Note it's always the hard requirement for live migration that *all
states* should be migrated no matter what the implementation it is
going to be. The current 3-netdev model is remote to be useful for
real world scenario and it has no advantage compared to using
userspace generic bonding.
-Siwei
> on how to hide
> the lower netdevs, we could make it as another feature bit to hide lower
> netdevs once
> we have an acceptable solution.
>
^ permalink raw reply
* Re: [virtio-dev] Re: [RFC PATCH 2/3] netdev: kernel-only IFF_HIDDEN netdevice
From: Samudrala, Sridhar @ 2018-04-19 6:10 UTC (permalink / raw)
To: Michael S. Tsirkin
Cc: Alexander Duyck, virtio-dev, Jiri Pirko, Jakub Kicinski, Netdev,
virtualization, Siwei Liu, David Ahern, si-wei liu, David Miller
In-Reply-To: <20180419080215-mutt-send-email-mst@kernel.org>
On 4/18/2018 10:07 PM, Michael S. Tsirkin wrote:
> On Wed, Apr 18, 2018 at 10:00:51PM -0700, Samudrala, Sridhar wrote:
>> On 4/18/2018 9:41 PM, Michael S. Tsirkin wrote:
>>> On Wed, Apr 18, 2018 at 04:33:34PM -0700, Samudrala, Sridhar wrote:
>>>> On 4/17/2018 5:26 PM, Siwei Liu wrote:
>>>>> I ran this with a few folks offline and gathered some good feedbacks
>>>>> that I'd like to share thus revive the discussion.
>>>>>
>>>>> First of all, as illustrated in the reply below, cloud service
>>>>> providers require transparent live migration. Specifically, the main
>>>>> target of our case is to support SR-IOV live migration via kernel
>>>>> upgrade while keeping the userspace of old distros unmodified. If it's
>>>>> because this use case is not appealing enough for the mainline to
>>>>> adopt, I will shut up and not continue discussing, although
>>>>> technically it's entirely possible (and there's precedent in other
>>>>> implementation) to do so to benefit any cloud service providers.
>>>>>
>>>>> If it's just the implementation of hiding netdev itself needs to be
>>>>> improved, such as implementing it as attribute flag or adding linkdump
>>>>> API, that's completely fine and we can look into that. However, the
>>>>> specific issue needs to be undestood beforehand is to make transparent
>>>>> SR-IOV to be able to take over the name (so inherit all the configs)
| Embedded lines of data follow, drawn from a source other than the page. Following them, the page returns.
(* Let $X$ be any topological space and let $Y$ be a topological space such that $\hat{c}(Y^\omega) > \pi w(Y) \geq \pi w(X)$. Then for every cardinal $\mu$ with $\omega \leq \mu \leq \pi w(X)$, the product space $X \times Y^\mu$ (with the Tychonoff product topology) has a $\sigma$-disjoint $\pi$-base.
   Context: All spaces are Hausdorff. A $\pi$-base for a space $Z$ is a family $\mathcal{P}$ of non-empty open subsets of $Z$ such that every non-empty open $U \subseteq Z$ contains some $P \in \mathcal{P}$; $\pi w(Z)$ is the minimum cardinality of a $\pi$-base of $Z$. A $\pi$-base is $\sigma$-disjoint if it is a countable union of families each consisting of pairwise disjoint sets. A cellular family in $Z$ is a family of pairwise disjoint non-empty open subsets of $Z$. $\hat{c}(Z)$ denotes the least cardinal $\kappa$ such that $Z$ has no cellular family of cardinality $\kappa$. *)

From HB Require Import structures.
From mathcomp Require Import all_boot all_order all_algebra.
From mathcomp Require Import all_classical all_reals all_analysis.
Set Implicit Arguments. Unset Strict Implicit. Unset Printing Implicit Defensive.
Local Open Scope classical_set_scope.
Local Open Scope card_scope.

(* Cardinals are represented by sets (of some type); comparisons use the
   library's [#<=] (injection exists) and [#=] (bijection exists). *)

Definition pi_base (Z : topologicalType) (P : set (set Z)) : Prop :=
  (forall A, P A -> open A /\ A !=set0) /\
  (forall U, open U -> U !=set0 -> exists2 A, P A & A `<=` U).

Definition pairwise_disjoint (Z : Type) (F : set (set Z)) : Prop :=
  forall A B, F A -> F B -> A <> B -> A `&` B = set0.

Definition cellular (Z : topologicalType) (C : set (set Z)) : Prop :=
  (forall A, C A -> open A /\ A !=set0) /\ pairwise_disjoint C.

Definition sigma_disjoint_pi_base (Z : topologicalType) (P : set (set Z)) : Prop :=
  pi_base P /\
  exists F : nat -> set (set Z),
    P = \bigcup_n F n /\ forall n, pairwise_disjoint (F n).

Definition min_pi_base (Z : topologicalType) (P : set (set Z)) : Prop :=
  pi_base P /\ forall P' : set (set Z), pi_base P' -> P #<= P'.

Definition piw_le (X Y : topologicalType) : Prop :=
  forall PY : set (set Y), pi_base PY ->
    exists PX : set (set X), pi_base PX /\ PX #<= PY.

Definition card_le_piw (U : Type) (K : set U) (Z : topologicalType) : Prop :=
  forall P : set (set Z), pi_base P -> K #<= P.

(* "chat(Z) > #K": since chat(Z) is the least cardinal kappa such that Z has
   no cellular family of cardinality kappa, chat(Z) > #K iff every cardinal
   <= #K (i.e. the cardinality of some subset of K) is the cardinality of a
   cellular family of Z. *)
Definition chat_gt (Z : topologicalType) (U : Type) (K : set U) : Prop :=
  forall L, L `<=` K -> exists C : set (set Z), cellular C /\ C #= L.

From HB Require Import structures.
From mathcomp Require Import all_boot all_order all_algebra.
From mathcomp Require Import all_classical all_reals all_analysis.
Local Open Scope classical_set_scope.
Local Open Scope card_scope.

(* Take a cellular family C of Y^omega with |C| = piw(Y) >= piw(X) >= mu, and
   split countably many coordinates of Y^mu into disjoint blocks (slots), each a
   copy of omega.  Every non-empty open subset of X x Y^mu contains a set
   B x {z | z(m_l) in W_l for l < k} with B, W_l from pi-bases of X and Y.  The
   n-th layer consists of such sets cut down further by asking that z, restricted
   to the slots of index n, lies in cells of C coding B, k, the m_l and the W_l.
   Two members of one layer that meet carry the same codes, hence coincide, and
   every open set contains a member of the layer whose slots avoid the finitely
   many coordinates m_l. *)

Lemma card_leT_injective (T U : Type) :
  [set: T] #<= [set: U] -> exists f : T -> U, injective f.
Proof.
move=> /card_leP[g]; exists (fun t => val (g (SigSub (@mem_set _ [set: T] t I)))).
move=> t t' /val_inj /(@inj _ _ _ g); rewrite !inE => /(_ I I).
by move=> /(congr1 val).
Qed.

Lemma cellular_eq {Z : topologicalType} {C : set (set Z)} {U V : set Z} {z : Z} :
  cellular C -> C U -> C V -> U z -> V z -> U = V.
Proof.
move=> [_ disjC] CU CV Uz Vz; apply: contrapT => /(disjC _ _ CU CV).
by move/seteqP => [/(_ z (conj Uz Vz))].
Qed.

Lemma exists_glued {A I V : Type} {e : A -> I} (g : A -> V) (z0 : I -> V) :
  injective e ->
  exists z : I -> V, (forall a, z (e a) = g a) /\ (forall i, ~ range e i -> z i = z0 i).
Proof.
move=> e_inj; exists (fun i => if pselect (range e i) is left r
  then g (projT1 (cid2 r)) else z0 i); split => [a|i ni].
- case: pselect => [r|]; last by case; exists a.
  by case: (cid2 r) => a' _ /= /e_inj ->.
- by case: pselect.
Qed.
>>>>> from the lower netdev, which needs some games with uevents and name
>>>>> space reservation. So far I don't think it's been well discussed.
>>>>>
>>>>> One thing in particular I'd like to point out is that the 3-netdev
>>>>> model currently missed to address the core problem of live migration:
>>>>> migration of hardware specific feature/state, for e.g. ethtool configs
>>>>> and hardware offloading states. Only general network state (IP
>>>>> address, gateway, for eg.) associated with the bypass interface can be
>>>>> migrated. As a follow-up work, bypass driver can/should be enhanced to
>>>>> save and apply those hardware specific configs before or after
>>>>> migration as needed. The transparent 1-netdev model being proposed as
>>>>> part of this patch series will be able to solve that problem naturally
>>>>> by making all hardware specific configurations go through the central
>>>>> bypass driver, such that hardware configurations can be replayed when
>>>>> new VF or passthrough gets plugged back in. Although that
>>>>> corresponding function hasn't been implemented today, I'd like to
>>>>> refresh everyone's mind that is the core problem any live migration
>>>>> proposal should have addressed.
>>>>>
>>>>> If it would make things more clear to defer netdev hiding until all
>>>>> functionalities regarding centralizing and replay are implemented,
>>>>> we'd take advices like that and move on to implementing those features
>>>>> as follow-up patches. Once all needed features get done, we'd resume
>>>>> the work for hiding lower netdev at that point. Think it would be the
>>>>> best to make everyone understand the big picture in advance before
>>>>> going too far.
>>>> I think we should get the 3-netdev model integrated and add any additional
>>>> ndo_ops/ethool ops that we would like to support/migrate before looking into
>>>> hiding the lower netdevs.
>>> Once they are exposed, I don't think we'll be able to hide them -
>>> they will be a kernel ABI.
>>>
>>> Do you think everyone needs to hide the SRIOV device?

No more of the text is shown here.